Photograph of Clayton Cutter

"I was in the RAF from the age of nineteen. I did my training at RAF Halton got posted to RAF Lossiemouth and then went to Norway. Just after September 11th I went to the Gulf for four months. I decided I wanted to join the Police and handed in my resignation to the RAF. When my application was still being processed, I injured my shoulder very badly and they couldn’t take me and because I had resigned from the RAF, I couldn’t go back there either.

I moved back to Halifax and got a job as a security guard until they decided to do their security in-house and I was out of work again. At around the same time I had to move out of my shared house because I discovered that my housemates were involved in drugs. I went off the rails for a while.

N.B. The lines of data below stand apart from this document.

Record SMC := {
  ob : Type;
  hom : ob -> ob -> Type;
  comp : forall A B C : ob, hom B C -> hom A B -> hom A C;
  idm : forall A : ob, hom A A;
  comp_id_l : forall A B (f : hom A B), comp (idm B) f = f;
  comp_id_r : forall A B (f : hom A B), comp f (idm A) = f;
  comp_assoc : forall A B C D (f : hom A B) (g : hom B C) (h : hom C D),
      comp h (comp g f) = comp (comp h g) f;

  tens : ob -> ob -> ob;
  unit : ob;
  tensm : forall A B C D : ob, hom A B -> hom C D -> hom (tens A C) (tens B D);
  tensm_id : forall A B, tensm (idm A) (idm B) = idm (tens A B);
  tensm_comp : forall A1 A2 A3 B1 B2 B3 (f : hom A1 A2) (f' : hom A2 A3)
      (g : hom B1 B2) (g' : hom B2 B3),
      tensm (comp f' f) (comp g' g) = comp (tensm f' g') (tensm f g);

  assoc : forall A B C, hom (tens (tens A B) C) (tens A (tens B C));
  assoc_inv : forall A B C, hom (tens A (tens B C)) (tens (tens A B) C);
  lunit : forall A, hom (tens unit A) A;
  lunit_inv : forall A, hom A (tens unit A);
  runit : forall A, hom (tens A unit) A;
  runit_inv : forall A, hom A (tens A unit);
  braid : forall A B, hom (tens A B) (tens B A);

  assoc_iso1 : forall A B C, comp (assoc_inv A B C) (assoc A B C) = idm _;
  assoc_iso2 : forall A B C, comp (assoc A B C) (assoc_inv A B C) = idm _;
  lunit_iso1 : forall A, comp (lunit_inv A) (lunit A) = idm _;
  lunit_iso2 : forall A, comp (lunit A) (lunit_inv A) = idm _;
  runit_iso1 : forall A, comp (runit_inv A) (runit A) = idm _;
  runit_iso2 : forall A, comp (runit A) (runit_inv A) = idm _;

  assoc_nat : forall A A' B B' C C' (f : hom A A') (g : hom B B') (h : hom C C'),
      comp (assoc A' B' C') (tensm (tensm f g) h)
      = comp (tensm f (tensm g h)) (assoc A B C);
  lunit_nat : forall A B (f : hom A B),
      comp (lunit B) (tensm (idm unit) f) = comp f (lunit A);
  runit_nat : forall A B (f : hom A B),
      comp (runit B) (tensm f (idm unit)) = comp f (runit A);
  braid_nat : forall A A' B B' (f : hom A A') (g : hom B B'),
      comp (braid A' B') (tensm f g) = comp (tensm g f) (braid A B);

  pentagon : forall A B C D,
      comp (assoc A B (tens C D)) (assoc (tens A B) C D)
      = comp (tensm (idm A) (assoc B C D))
             (comp (assoc A (tens B C) D) (tensm (assoc A B C) (idm D)));
  triangle : forall A B,
      comp (tensm (idm A) (lunit B)) (assoc A unit B) = tensm (runit A) (idm B);
  hexagon : forall A B C,
      comp (assoc B C A) (comp (braid A (tens B C)) (assoc A B C))
      = comp (tensm (idm B) (braid A C))
             (comp (assoc B A C) (tensm (braid A B) (idm C)));
  braid_invol : forall A B, comp (braid B A) (braid A B) = idm (tens A B)
}.

Arguments hom : clear implicits.
Arguments comp {s A B C} _ _.
Arguments idm {s} A.
Arguments tens {s} _ _.
Arguments unit {s}.
Arguments tensm {s A B C D} _ _.
Arguments assoc {s} A B C.
Arguments assoc_inv {s} A B C.
Arguments lunit {s} A.
Arguments lunit_inv {s} A.
Arguments runit {s} A.
Arguments runit_inv {s} A.
Arguments braid {s} A B.

Notation "g ∘ f" := (comp g f) (at level 40, left associativity).
Notation "f ⊗ g" := (tensm f g) (at level 35).

(** * A symmetric monoidal category equipped with the data of the paper:
    discarding effects [top], completely mixed states [mu] and a chosen
    family of (candidate) zero morphisms [zer]. *)

Record Data := {
  cat :> SMC;
  top : forall A : ob cat, hom cat A unit;
  mu : forall A : ob cat, hom cat unit A;
  zer : forall A B : ob cat, hom cat A B
}.

Arguments top {d} A.
Arguments mu {d} A.
Arguments zer {d} A B.


Definition is_discarding (X : Data) : Prop :=
  (forall A B : ob X, top (tens A B) = lunit unit ∘ (top A ⊗ top B))
  /\ top (@unit X) = idm unit.

Definition is_cmixed (X : Data) : Prop :=
  (forall A B : ob X, mu (tens A B) = (mu A ⊗ mu B) ∘ lunit_inv unit)
  /\ mu (@unit X) = idm unit.

Definition is_zero (X : Data) : Prop :=
  (forall (A B C : ob X) (f : hom X B C), f ∘ zer A B = zer A C)
  /\ (forall (A B C : ob X) (g : hom X A B), zer B C ∘ g = zer A C)
  /\ (forall (A B C D : ob X) (f : hom X A B), f ⊗ zer C D = zer (tens A C) (tens B D))
  /\ (forall (A B C D : ob X) (f : hom X A B), zer C D ⊗ f = zer (tens C A) (tens D B)).

Definition causal {X : Data} {A B : ob X} (f : hom X A B) : Prop :=
  top B ∘ f = top A.

Definition cocausal {X : Data} {A B : ob X} (f : hom X A B) : Prop :=
  f ∘ mu A = mu B.

Definition stensor {X : Data} {A : ob X} (s : hom X unit A) (r : hom X unit unit)
  : hom X unit A := runit A ∘ (s ⊗ r) ∘ lunit_inv unit.

Definition etensor {X : Data} {A : ob X} (e : hom X A unit) (r : hom X unit unit)
  : hom X A unit := lunit unit ∘ (e ⊗ r) ∘ runit_inv A.

Definition has_normalisation (X : Data) : Prop :=
  forall (A : ob X) (rho : hom X unit A), rho <> zer unit A ->
    exists sigma : hom X unit A,
      causal sigma /\ (exists r, rho = stensor sigma r)
      /\ (forall sigma' : hom X unit A,
            causal sigma' -> (exists r, rho = stensor sigma' r) -> sigma' = sigma).

Definition pure {X : Data} {A B : ob X} (f : hom X A B) : Prop :=
  f = zer A B \/
  forall (C : ob X) (g : hom X A (tens B C)),
    runit B ∘ (idm B ⊗ top C) ∘ g = f ->
    exists rho : hom X unit C, causal rho /\ g = (f ⊗ rho) ∘ runit_inv A.

Definition trivial_ob {X : Data} (A : ob X) : Prop :=
  idm A = mu A ∘ top A.

Definition strong_pure_exclusion (X : Data) : Prop :=
  forall A : ob X, ~ trivial_ob A ->
    (forall psi : hom X unit A, pure psi ->
        exists e : hom X A unit, e <> zer A unit /\ e ∘ psi = zer unit unit)
    /\ (forall phi : hom X A unit, pure phi ->
        exists rho : hom X unit A, rho <> zer unit A /\ phi ∘ rho = zer unit unit).

Definition zero_chain (X : Data) : Prop :=
  forall A : ob X,
    (top A = zer A unit -> mu A = zer unit A) /\ (mu A = zer unit A -> idm A = zer A A).

Definition is_kernel {X : Data} {A B K : ob X} (f : hom X A B) (k : hom X K A) : Prop :=
  f ∘ k = zer K B /\
  forall (C : ob X) (g : hom X C A), f ∘ g = zer C B -> exists! h : hom X C K, g = k ∘ h.

Definition is_cokernel {X : Data} {A B Q : ob X} (f : hom X A B) (c : hom X B Q) : Prop :=
  c ∘ f = zer A Q /\
  forall (D : ob X) (g : hom X B D), g ∘ f = zer A D -> exists! h : hom X Q D, g = h ∘ c.

Definition kernel_mor {X : Data} {K A : ob X} (k : hom X K A) : Prop :=
  exists (B : ob X) (f : hom X A B), is_kernel f k.

Definition cokernel_mor {X : Data} {A Q : ob X} (c : hom X A Q) : Prop :=
  exists (B : ob X) (f : hom X B A), is_cokernel f c.

Definition split_cok {X : Data} {K A : ob X} (k : hom X K A) (c : hom X A K) : Prop :=
  cokernel_mor c /\ cocausal c /\ c ∘ k = idm K.

Definition has_split_kernels (X : Data) : Prop :=
  (forall (A B : ob X) (f : hom X A B),
      exists (K : ob X) (k : hom X K A), is_kernel f k /\ causal k)
  /\ (forall (A B : ob X) (f : hom X A B),
      exists (Q : ob X) (c : hom X B Q), is_cokernel f c /\ cocausal c)
  /\ (forall (K A : ob X) (k : hom X K A), kernel_mor k -> causal k ->
      exists c : hom X A K,
        split_cok k c
        /\ (forall c' : hom X A K, split_cok k c' -> c' = c)
        /\ (forall k' : hom X K A, kernel_mor k' -> causal k' -> c ∘ k' = idm K -> k' = k)).

(** [e] is "the" effect ψ̄ of a causal pure state ψ: pure, co-causal, ψ̄ ∘ ψ = 1. *)
Definition bar_causal {X : Data} {A : ob X} (psi : hom X unit A) (e : hom X A unit) : Prop :=
  pure e /\ cocausal e /\ e ∘ psi = idm unit.

(** Extension of the overline to all pure states: 0̄ = 0, and for non-zero ψ
    with normalisation σ and r = top ∘ ψ, ψ̄ = σ̄ ⊗ r. *)
Definition is_bar {X : Data} {A : ob X} (psi : hom X unit A) (e : hom X A unit) : Prop :=
  (psi = zer unit A /\ e = zer A unit)
  \/ (psi <> zer unit A /\
      exists (sigma : hom X unit A) (sigmab : hom X A unit),
        causal sigma /\ psi = stensor sigma (top A ∘ psi)
        /\ bar_causal sigma sigmab /\ e = etensor sigmab (top A ∘ psi)).

Definition kernel_composition (X : Data) : Prop :=
  (forall (K A K' A' : ob X) (k : hom X K A) (k' : hom X K' A'),
      kernel_mor k -> causal k -> kernel_mor k' -> causal k' -> kernel_mor (k ⊗ k'))
  /\ (forall (A Q A' Q' : ob X) (c : hom X A Q) (c' : hom X A' Q'),
      cokernel_mor c -> cocausal c -> cokernel_mor c' -> cocausal c' ->
      cokernel_mor (c ⊗ c'))
  /\ (forall (A Q : ob X) (c : hom X A Q) (psi : hom X unit A),
      cokernel_mor c -> cocausal c -> pure psi -> pure (c ∘ psi))
  /\ (forall (B A : ob X) (k : hom X B A) (kb : hom X A B),
      kernel_mor k -> causal k -> split_cok k kb ->
      forall (psi : hom X unit A) (e : hom X A unit),
        pure psi -> is_bar psi e -> is_bar (kb ∘ psi) (e ∘ k)).

Definition pure_composition (X : Data) : Prop :=
  forall (A B : ob X) (psi : hom X unit (tens A B)) (phi : hom X unit A)
         (psib : hom X (tens A B) unit) (phib : hom X A unit),
    causal psi -> pure psi -> causal phi -> pure phi ->
    bar_causal psi psib -> bar_causal phi phib ->
    pure (lunit B ∘ (phib ⊗ idm B) ∘ psi)
    /\ pure (psib ∘ (phi ⊗ idm B) ∘ lunit_inv B)
    /\ is_bar (lunit B ∘ (phib ⊗ idm B) ∘ psi) (psib ∘ (phi ⊗ idm B) ∘ lunit_inv B).

(* A non-zero pure state y is a scalar multiple of a causal kernel state I -> A: the kernel of
   the cokernel of y has a trivial domain, by strong pure exclusion. So a causal pure state phi
   is itself a causal kernel, and its bar, which vanishes on the kernel of the split cokernel of
   phi, is that split cokernel. Whiskering with 1_B, (phi ⊗ 1_B) ∘ λ⁻¹ is again a causal kernel,
   split by λ ∘ (phib ⊗ 1_B), and kernel composition gives both the purity of the state
   λ ∘ (phib ⊗ 1_B) ∘ psi and the bar identity. The effect is pure since bars of pure states
   are pure: they vanish on the same kernel, and every effect doing so factors through a
   scalar multiple of the split cokernel. *)

From Stdlib Require Import Classical.
Set Implicit Arguments.
Unset Strict Implicit.

Ltac assoc_right := repeat rewrite <- comp_assoc.

Lemma comp_assoc_rew (X : SMC) A B C D (a : hom X C D) (b : hom X B C) (c : hom X B D)
    (x : hom X A B) :
  a ∘ b = c -> a ∘ (b ∘ x) = c ∘ x.
Proof. intros E; rewrite comp_assoc, E; reflexivity. Qed.

Arguments comp_assoc_rew {X A B C D a b c} x _.

Lemma tensm_comp_idr (X : SMC) A B C D (f : hom X B C) (g : hom X A B) :
  (f ⊗ idm D) ∘ (g ⊗ idm D) = (f ∘ g) ⊗ idm D.
Proof. rewrite <- tensm_comp, comp_id_l; reflexivity. Qed.

Lemma tensm_comp_idl (X : SMC) A B C D (f : hom X B C) (g : hom X A B) :
  (idm D ⊗ f) ∘ (idm D ⊗ g) = idm D ⊗ (f ∘ g).
Proof. rewrite <- tensm_comp, comp_id_l; reflexivity. Qed.

Lemma tensm_split_l (X : SMC) A B C D (f : hom X A B) (g : hom X C D) :
  f ⊗ g = (idm B ⊗ g) ∘ (f ⊗ idm C).
Proof. rewrite <- tensm_comp, comp_id_l, comp_id_r; reflexivity. Qed.

Lemma tensm_split_r (X : SMC) A B C D (f : hom X A B) (g : hom X C D) :
  f ⊗ g = (f ⊗ idm D) ∘ (idm A ⊗ g).
Proof. rewrite <- tensm_comp, comp_id_l, comp_id_r; reflexivity. Qed.

Lemma split_epi (X : SMC) A B C (f g : hom X B C) (i : hom X A B) (j : hom X B A) :
  i ∘ j = idm B -> f ∘ i = g ∘ i -> f = g.
Proof.
  intros Eij E.
  rewrite <- (comp_id_r f), <- (comp_id_r g), <- Eij, !comp_assoc, E; reflexivity.
Qed.

Lemma split_mono (X : SMC) A B C (f g : hom X A B) (i : hom X B C) (j : hom X C B) :
  j ∘ i = idm B -> i ∘ f = i ∘ g -> f = g.
Proof.
  intros Eji E.
  rewrite <- (comp_id_l f), <- (comp_id_l g), <- Eji, <- !comp_assoc, E; reflexivity.
Qed.

Lemma lunit_inv_nat (X : SMC) A B (f : hom X A B) :
  (idm unit ⊗ f) ∘ lunit_inv A = lunit_inv B ∘ f.
Proof.
  apply (split_mono (lunit_iso1 B)).
  rewrite !comp_assoc, lunit_nat, lunit_iso2, comp_id_l, <- comp_assoc, lunit_iso2, comp_id_r.
  reflexivity.
Qed.

Lemma runit_inv_nat (X : SMC) A B (f : hom X A B) :
  (f ⊗ idm unit) ∘ runit_inv A = runit_inv B ∘ f.
Proof.
  apply (split_mono (runit_iso1 B)).
  rewrite !comp_assoc, runit_nat, runit_iso2, comp_id_l, <- comp_assoc, runit_iso2, comp_id_r.
  reflexivity.
Qed.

It’s was as if I no longer knew what I was supposed to be doing. I lost contact with all my friends because I felt ashamed that things were not going well for me.

For about two months I was homeless. I spent some nights at a hostel in Leeds, but three times the number of people turned up every day than there were beds available so I ended up sleeping on the streets sometimes.

I wanted to come to Emmaus because I am an active person and I need focus and things to do. I think people who have been in the services find it very difficult to adapt to civilian life. When I was in the RAF I knew exactly what I was supposed to be doing at any given time. I had a clear structure for every day. Maybe I felt so at home at the Community because being here gives you back a sense of purpose. It also provides the support of staff and other residents. It feels like a family.

When I first arrived at the Community I became best friends with another resident called Alan. He was a really good bloke and a real hard worker. We spent a lot of time together. He had been a bit anxious about his brother coming to visit the Community because he was worried about what he would think about the place, but his brother thought it was brilliant and afterwards Alan said it was one of the best weekends he had ever had. He was so happy. The next weekend he was dead. I discovered him in his room. He had taken some drugs and it had gone wrong. The person who gave them to him wasn’t living in the Community, but Alan found it hard to say no to him. It was his weakness.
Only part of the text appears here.